The equity risk premium (ERP) is at 23-year lows. The S&P 500 earnings yield minus 3mth T-bill yields has not been this low since 2001. So, in at least one sense, the market is above fair value. But at the height of the dotcom bubble, the ERP was lower than now. So, all this tells us is that the market is overvalued, and we should not be surprised to see it become more so. No one knows whether the dotcom ERP lows represent an absolute limit. All we know from the past is that when markets move to extreme over/under-valuations, wild moves in price can happen.

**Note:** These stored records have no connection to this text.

Definition select {X : Type} (a : list X) (ii : list nat) : list X :=
  flat_map (fun i => match nth_error a i with Some t => [t] | None => [] end) ii.

Definition finite_set {V : Type} (X : V -> Prop) : Prop :=
  exists l : list V, forall v, X v <-> In v l.

Definition fresh_provider {V : Type} (phi : (V -> Prop) -> (V -> Prop))
  (fr : (V -> Prop) -> V) : Prop :=
  forall X, finite_set X ->
    phi X (fr X) /\ (forall v, phi X v -> ~ X v).

Definition is_precontext {V F T} (phi : (V -> Prop) -> (V -> Prop)) (G : ctx V F T) : Prop :=
  forall k x A, nth_error G k = Some (x, A) ->
    phi (fun v => In v (firstn k (OV G))) x /\
    incl (vars_ty A) (firstn k (OV G)).

Definition TV {V F T} (G : ctx V F T) : V -> Prop :=
  fold_left (fun (S0 : V -> Prop) (xA : V * pretype V F T) =>
               fun v => (S0 v /\ ~ In v (vars_ty (snd xA))) \/ v = fst xA)
            G (fun _ => False).

Definition determining {V F T} (G : ctx V F T) (ii : list nat) : Prop :=
  StronglySorted lt ii /\ Forall (fun i => i < length G) ii /\
  (forall v, TV G v -> exists i, In i ii /\ nth_error (OV G) i = Some v).

Definition is_predecl {V F T} (phi : (V -> Prop) -> (V -> Prop)) (d : decl V F T) : Prop :=
  match d with
  | TDecl G _ ii => is_precontext phi G /\ determining G ii
  | FDecl G _ ii U => is_precontext phi G /\ determining G ii /\ incl (vars_ty U) (OV G)
  end.

(* abar : D -> G, read in the judgement set P *)
Definition ctxmap {V F T} (eqV : forall x y : V, {x = y} + {x <> y})
  (P : judgement V F T -> Prop) (a : list (preelem V F)) (D G : ctx V F T) : Prop :=
  P (JCtx D) /\ P (JCtx G) /\ length a = length G /\
  forall k x A ak, nth_error G k = Some (x, A) -> nth_error a k = Some ak ->
    P (JElem D ak (subst_ty eqV (combine (firstn k (OV G)) (firstn k a)) A)).
(* Let $\rho$ be a quantum state on a separable Hilbert space with spectrum $\{\lambda^{\rho}_i\}_{i=1}^{+\infty}$ arranged in non-increasing order. If $$\sum_{i=1}^{+\infty}\lambda^{\rho}_i \ln^2 i<+\infty,$$ then $\rho$ has the FA-property.
   Context: A state $\rho$ with spectrum $\{\lambda^{\rho}_i\}_{i=1}^{+\infty}$ (eigenvalues in non-increasing order, counting multiplicity, padded with zeros if the rank is finite) has the FA-property (finite-dimensional approximation property) if there exists a sequence $\{g_i\}_{i=1}^{+\infty}$ of nonnegative numbers such that $\sum_{i=1}^{+\infty}\lambda^{\rho}_i g_i<+\infty$ and $\lim_{\beta\to 0^+}\left[\sum_{i=1}^{+\infty}e^{-\beta g_i}\right]^{\beta}=1$. *)

From HB Require Import structures.
From mathcomp Require Import all_boot all_order all_algebra.
From mathcomp Require Import all_classical all_reals all_analysis.
Set Implicit Arguments. Unset Strict Implicit. Unset Printing Implicit Defensive.
Import Order.TTheory GRing.Theory Num.Theory.
Import numFieldNormedType.Exports.
Local Open Scope classical_set_scope.
Local Open Scope ring_scope.
Local Open Scope ereal_scope.

(* The spectrum of a quantum state (density operator) on a separable Hilbert
   space: eigenvalues counted with multiplicity, in non-increasing order,
   padded with zeros.  Index shift: [lam i] is the paper's lambda_{i+1}. *)
Definition state_spectrum {R : realType} (lam : nat -> R) : Prop :=
  (forall i, (0 <= lam i)%R) /\
  (forall i, (lam i.+1 <= lam i)%R) /\
  \sum_(0 <= i <oo) (lam i)%:E = 1.

(* FA-property (index shift as above: g i is the paper's g_{i+1}). *)
Definition FA_property {R : realType} (lam : nat -> R) : Prop :=
  exists g : nat -> R,
    (forall i, (0 <= g i)%R) /\
    \sum_(0 <= i <oo) (lam i * g i)%:E < +oo /\
    ((\sum_(0 <= i <oo) (expR (- (b * g i)))%:E) `^ b
       @[b --> (0:R)^'+] --> 1).

(* Put a_i = lam_i ln^2 (i+1).  Since sum a_i < oo, the positive null sequence
   r_n = (sum_(k >= n) a_k) + 1/(n+1) satisfies a_n <= r_n - r_(n+1), so the weights
   h_n = r_n^(-1/2) tend to +oo while sum a_n h_n <= 2 sqrt r_0 by telescoping.
   Take g_i = ln^2 (i+1) h_i.  If h_i >= c for i >= N, then
   exp (- b g_i) <= exp (1/(b c)) / (i+1)^2, hence
   b ln (sum_i exp (- b g_i)) <= b ln (2 (N+1)^2) + 1/c; as c is arbitrary and
   the sum is at least exp (- b g_0) = 1, its b-th power tends to 1. *)

From mathcomp Require Import all_boot all_order all_algebra.
From mathcomp Require Import all_classical all_reals all_analysis.
From mathcomp Require Import ring lra.
Set Implicit Arguments.
Unset Strict Implicit.
Unset Printing Implicit Defensive.

Import Order.TTheory GRing.Theory Num.Theory.
Import numFieldNormedType.Exports.
Local Open Scope classical_set_scope.
Local Open Scope ring_scope.

Section Estimates.
Variable R : realType.

Lemma sum_inv_sqr_le (n : nat) :
  \sum_(0 <= i < n) ((i.+1%:R : R) ^+ 2)^-1 <= 2 - 2 / n.+1%:R.
Proof.
elim: n => [|n IHn]; first by rewrite big_geq // divr1 subrr.
rewrite big_nat_recr //= -(natr1 n.+1).
set x : R := n.+1%:R in IHn *; have x1 : 1 <= x by rewrite ler1n.
clearbody x; suff : (x ^+ 2)^-1 <= 2 / x - 2 / (x + 1) by lra.
rewrite -subr_ge0.
have -> : 2 / x - 2 / (x + 1) - (x ^+ 2)^-1 = (x - 1) / (x ^+ 2 * (x + 1)).
  by field; rewrite !gt_eqF //; lra.
rewrite divr_ge0 ?mulr_ge0 ?sqr_ge0 //; lra.
Qed.

Lemma nneseries_le_of_sum_le (u : nat -> R) (M : R) :
  (forall i, 0 <= u i) -> (forall n, \sum_(0 <= i < n) u i <= M) ->
  (\sum_(0 <= i <oo) (u i)%:E <= M%:E)%E.
Proof.
move=> u0 uM; apply: lime_le.
  by apply: is_cvg_nneseries => i _ _; rewrite lee_fin.
by apply: nearW => n; rewrite sumEFin lee_fin.
Qed.

Lemma nneseries_le_inv_sqr (u : nat -> R) (K : R) :
  (forall i, 0 <= u i) -> (forall i, u i <= K / i.+1%:R ^+ 2) ->
  (\sum_(0 <= i <oo) (u i)%:E <= (2 * K)%:E)%E.
Proof.
move=> u0 uK; have K0 : 0 <= K.
  by have := le_trans (u0 0%N) (uK 0%N); rewrite expr1n divr1.
apply: nneseries_le_of_sum_le => // n.
apply: le_trans (ler_sum _ (fun i _ => uK i)) _.
rewrite -mulr_sumr mulrC ler_wpM2r //.
apply: le_trans (sum_inv_sqr_le n) _.
by rewrite gerBl divr_ge0.
Qed.

Lemma sum_div_sqrt_telescope (a r : nat -> R) :
  (forall n, 0 < r n) -> (forall n, a n <= r n - r n.+1) ->
  forall n, \sum_(0 <= i < n) a i / Num.sqrt (r i)
            <= 2 * Num.sqrt (r 0%N) - 2 * Num.sqrt (r n).
Proof.
move=> r0 ar; elim=> [|n IHn]; first by rewrite big_geq // subrr.
rewrite big_nat_recr //=.
suff : a n / Num.sqrt (r n) <= 2 * Num.sqrt (r n) - 2 * Num.sqrt (r n.+1) by lra.
set x := Num.sqrt (r n); set y := Num.sqrt (r n.+1).
have x0 : 0 < x by rewrite sqrtr_gt0.
have rxy : r n - r n.+1 = x ^+ 2 - y ^+ 2 by rewrite !sqr_sqrtr ?ltW.
have := ar n; rewrite rxy ler_pdivrMr //; clearbody x y.
have := sqr_ge0 (x - y); nra.
Qed.

Lemma nnseries_vanishing_majorant (a : nat -> R) :
  (forall n, 0 <= a n) -> (\sum_(0 <= n <oo) (a n)%:E < +oo)%E ->
  exists r : nat -> R, [/\ (forall n, 0 < r n),
    (forall n, a n <= r n - r n.+1) & r @ \oo --> 0].
Proof.
move=> a0 a_fin; have a_cvg := nnseries_is_cvg a0 a_fin.
set A := limn (series a) in a_cvg.
have le_series_A n : series a n <= A.
  apply: nondecreasing_cvgn_le => // p q pq.
  exact: (nondecreasing_series (P := xpredT) (m := 0%N)).
exists (fun n => A - series a n + n.+1%:R^-1); split.
- move=> n; apply: ltr_wpDl; first by rewrite subr_ge0.
  by rewrite invr_gt0 ltr0n.
- move=> n /=; rewrite seriesSr.
  have : (n.+2%:R : R)^-1 <= n.+1%:R^-1 by rewrite lef_pV2 ?posrE ?ltr0n // ler_nat.
  by move: (n.+1%:R^-1) (n.+2%:R^-1) => p q; lra.
- rewrite -[0]addr0; apply: cvgD; last exact: cvg_harmonic.
  by rewrite -(subrr A); apply: cvgB => //; exact: cvg_cst.
Qed.

Lemma nnseries_weight_cvgy (a : nat -> R) :
  (forall n, 0 <= a n) -> (\sum_(0 <= n <oo) (a n)%:E < +oo)%E ->
  exists h : nat -> R, [/\ (forall n, 0 <= h n),
    (\sum_(0 <= n <oo) (a n * h n)%:E < +oo)%E & h @ \oo --> +oo].
Proof.
move=> a0 a_fin; have [r [r0 ar r_cvg]] := nnseries_vanishing_majorant a0 a_fin.
have sqrt_r0 n : 0 < Num.sqrt (r n) by rewrite sqrtr_gt0.
exists (fun n => (Num.sqrt (r n))^-1); split.
- by move=> n; rewrite invr_ge0 ltW.
- apply: le_lt_trans (ltry (2 * Num.sqrt (r 0%N))).
  apply: nneseries_le_of_sum_le => [n|n]; first by rewrite mulr_ge0 // invr_ge0 ltW.
  apply: le_trans (sum_div_sqrt_telescope r0 ar n) _.
  by rewrite gerBl mulr_ge0 // ltW.
- apply/(cvgrVy (f := fun n => Num.sqrt (r n))); first exact: nearW.
  rewrite -sqrtr0; exact: continuous_cvg (@sqrt_continuous R 0) r_cvg.
Qed.

Lemma expR_sqr_weight_le (b c t w : R) : 0 < b -> 0 < c -> c <= w ->
  expR (- (b * (t ^+ 2 * w))) <= expR (b * c)^-1 * expR (- (2 * t)).
Proof.
move=> b0 c0 cw; rewrite -expRD ler_expR.
have bc0 : 0 < b * c by rewrite mulr_gt0.
(* AM-GM: 2 t - b c t^2 <= (b c)^-1 *)
have : 0 <= b * c * (t - (b * c)^-1) ^+ 2 by rewrite mulr_ge0 ?sqr_ge0 ?ltW.
have -> : b * c * (t - (b * c)^-1) ^+ 2 = b * c * t ^+ 2 - 2 * t + (b * c)^-1.
  by field; rewrite !gt_eqF.
have : b * c * t ^+ 2 <= b * (t ^+ 2 * w).
  by rewrite -mulrA ler_pM2l // mulrC ler_wpM2l ?sqr_ge0.
move: (b * c * t ^+ 2) (b * (t ^+ 2 * w)) ((b * c)^-1) => x y z; lra.
Qed.

Lemma expR_lnsqr_weight_le_inv_sqr (h : nat -> R) (b c : R) (N : nat) :
  (forall i, 0 <= h i) -> (forall i, (N <= i)%N -> c <= h i) ->
  0 < b -> 0 < c -> forall i,
  expR (- (b * (ln (i.+1%:R : R) ^+ 2 * h i)))
    <= N.+1%:R ^+ 2 * expR (b * c)^-1 / i.+1%:R ^+ 2.
Proof.
move=> h0 hN b0 c0 i; set E := expR (b * c)^-1.
have E1 : 1 <= E by rewrite -expR0 ler_expR invr_ge0 mulr_ge0 ?ltW.
have i0 : 0 < (i.+1%:R : R) ^+ 2 by rewrite exprn_gt0 ?ltr0n.
case: (leqP N i) => [Ni | iN].
- apply: le_trans (expR_sqr_weight_le _ b0 c0 (hN _ Ni)) _.
  rewrite expRN expRM_natl lnK ?posrE ?ltr0n // -/E ler_pM2r ?invr_gt0 //.
  by apply: ler_peMl; [exact: le_trans E1 | rewrite exprn_ege1 ?ler1n].
- apply: (@le_trans _ _ 1).
    rewrite expR_le1 oppr_le0 mulr_ge0 ?(ltW b0) //.
    exact: mulr_ge0 (sqr_ge0 _) (h0 i).
  rewrite ler_pdivlMr // mul1r.
  apply: le_trans (ler_peMr (exprn_ge0 _ (ler0n _ _)) E1).
  by rewrite lerXn2r ?nnegrE ?ler0n // ler_nat ltnS ltnW.
Qed.

Lemma mul_ln_cvg0_subexp (s : R -> R) :
  (forall b, 0 < b -> 1 <= s b) ->
  (forall c, 0 < c -> exists2 K, 1 <= K &
     forall b, 0 < b -> s b <= K * expR (b * c)^-1) ->
  b * ln (s b) @[b --> 0^'+] --> 0.
Proof.
move=> s1 sK; apply/cvgrPdist_lt => e e0.
have [K K1 sK_e] : exists2 K, 1 <= K &
    forall b, 0 < b -> s b <= K * expR (b * (2 / e))^-1.
  by apply: sK; rewrite divr_gt0.
have lnK0 : 0 <= ln K by exact: ln_ge0.
have d0 : 0 < e / 2 / (ln K + 1) by rewrite !divr_gt0 //; lra.
near=> b.
have b0 : 0 < b by near: b; exact: nbhs_right_gt.
have bd : b < e / 2 / (ln K + 1) by near: b; exact: nbhs_right_lt.
have s0 : 0 < s b by apply: lt_le_trans (s1 b b0).
have K0 : 0 < K by apply: lt_le_trans K1.
have sbK := sK_e b b0.
have lns_le : ln (s b) <= ln K + (b * (2 / e))^-1.
  rewrite -[X in _ <= _ + X]expRK -lnM ?posrE ?expR_gt0 //.
  by rewrite ler_ln ?posrE // mulr_gt0 ?expR_gt0.
have b_lnK : b * (ln K + 1) < e / 2 by rewrite -ltr_pdivlMr //; lra.
have be : b * (b * (2 / e))^-1 = e / 2 by field; rewrite !gt_eqF.
rewrite sub0r normrN ger0_norm ?mulr_ge0 ?ln_ge0 ?(ltW b0) ?s1 //.
have : b * ln (s b) <= b * (ln K + (b * (2 / e))^-1) by rewrite ler_pM2l.
rewrite mulrDr be; lra.
Unshelve. all: by end_near. Qed.

Lemma poweR_cvg1_subexp (F : R -> \bar R) :
  (forall b, 0 < b -> (1 <= F b)%E) ->
  (forall c, 0 < c -> exists2 K, 1 <= K &
     forall b, 0 < b -> (F b <= (K * expR (b * c)^-1)%:E)%E) ->
  (F b `^ b @[b --> 0^'+] --> 1)%E.
Proof.
move=> F1 FK.
have F_fin b : 0 < b -> F b \is a fin_num.
  move=> b0; have [K _ FK1] := FK 1 ltr01.
  rewrite ge0_fin_numE ?(le_trans _ (F1 b b0)) //.
  exact: le_lt_trans (FK1 b b0) (ltry _).
have Fb1 b : 0 < b -> 1 <= fine (F b) by move=> b0; rewrite -lee_fin fineK ?F1 ?F_fin.
have lnF_cvg : b * ln (fine (F b)) @[b --> 0^'+] --> 0.
  apply: mul_ln_cvg0_subexp Fb1 _ => c c0.
  have [K K1 FK_c] := FK c c0; exists K => // b b0.
  by rewrite -lee_fin fineK ?FK_c ?F_fin.
apply: cvg_trans (_ : (expR (b * ln (fine (F b))))%:E @[b --> 0^'+] --> 1%E).
  apply: near_eq_cvg; near=> b.
  have b0 : 0 < b by near: b; exact: nbhs_right_gt.
  rewrite /= -[in RHS](fineK (F_fin b b0)) poweR_EFin /powR gt_eqF //.
  exact: lt_le_trans ltr01 (Fb1 b b0).
apply: cvg_EFin; first exact: nearW.
rewrite -expR0; exact: (continuous_cvg _ (@continuous_expR R 0) lnF_cvg).
Unshelve. all: by end_near. Qed.

End Estimates.

Local Open Scope ereal_scope.

Theorem proposition2 (R : realType) (lam : nat -> R) :
  state_spectrum lam ->
  \sum_(0 <= i <oo) (lam i * (ln (i.+1%:R)) ^+ 2)%:E < +oo ->
  FA_property lam.
Proof.
move=> [lam0 _] lam_ln2_fin.
have lnsqr0 i : (0 <= ln (i.+1%:R : R) ^+ 2)%R by rewrite sqr_ge0.
have [h [h0 lam_ln2_h_fin h_cvgy]] :=
  nnseries_weight_cvgy (fun i => mulr_ge0 (lam0 i) (lnsqr0 i)) lam_ln2_fin.
exists (fun i => ln (i.+1%:R : R) ^+ 2 * h i)%R.
split; first by move=> i; rewrite mulr_ge0.
split; first by under eq_eseriesr do rewrite mulrA.
apply: poweR_cvg1_subexp => [b b0|c c0].
  have := @nneseries_lim_ge R (fun i => (expR (- (b * (ln i.+1%:R ^+ 2 * h i))))%:E)
    xpredT 0 1 (fun i _ _ => expR_ge0 _).
  by rewrite big_nat1 ln1 expr0n /= mul0r mulr0 oppr0 expR0.
have [N _ hN] := cvgry_ge h_cvgy c.
exists (2 * N.+1%:R ^+ 2)%R => [|b b0].
  have : (1 <= N.+1%:R ^+ 2 :> R)%R by rewrite exprn_ege1 ?ler1n.
  lra.
rewrite -mulrA; apply: nneseries_le_inv_sqr => [i|]; first exact: expR_ge0.
exact: expR_lnsqr_weight_le_inv_sqr h0 hN b0 c0.
Qed.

If you look at a long-term S&P 500 price-to-earnings ratio, you’ll find that it swings massively. In the early 1980s, investors paid a price of roughly 7x earnings for the S&P 500. In 2001 they paid almost 50x. In 2011 they paid around 13.5x. Now they pay around 27 or so. Wall Street has created armies of analysts to forecast corporate earnings, while relatively little effort is put into forecasting the large swings in the multiple investors are willing to pay for those earnings. Because such forecasts are harder to do; they require less math and more intuition.
For nearly 20yrs, the velocity of money declined. This prompted/allowed policy makers to create massive amounts of money without sparking inflation. No honest economist could really explain it. The Fed got ever more aggressive, searching for the limit. Then along came Covid. Velocity collapsed further, stabilized, reversed. Given that no one really knew why velocity fell, if it now rises powerfully, we’re unlikely to understand why. It won’t really matter though, all that we will need to know is that its effect on prices will dwarf any notion of value.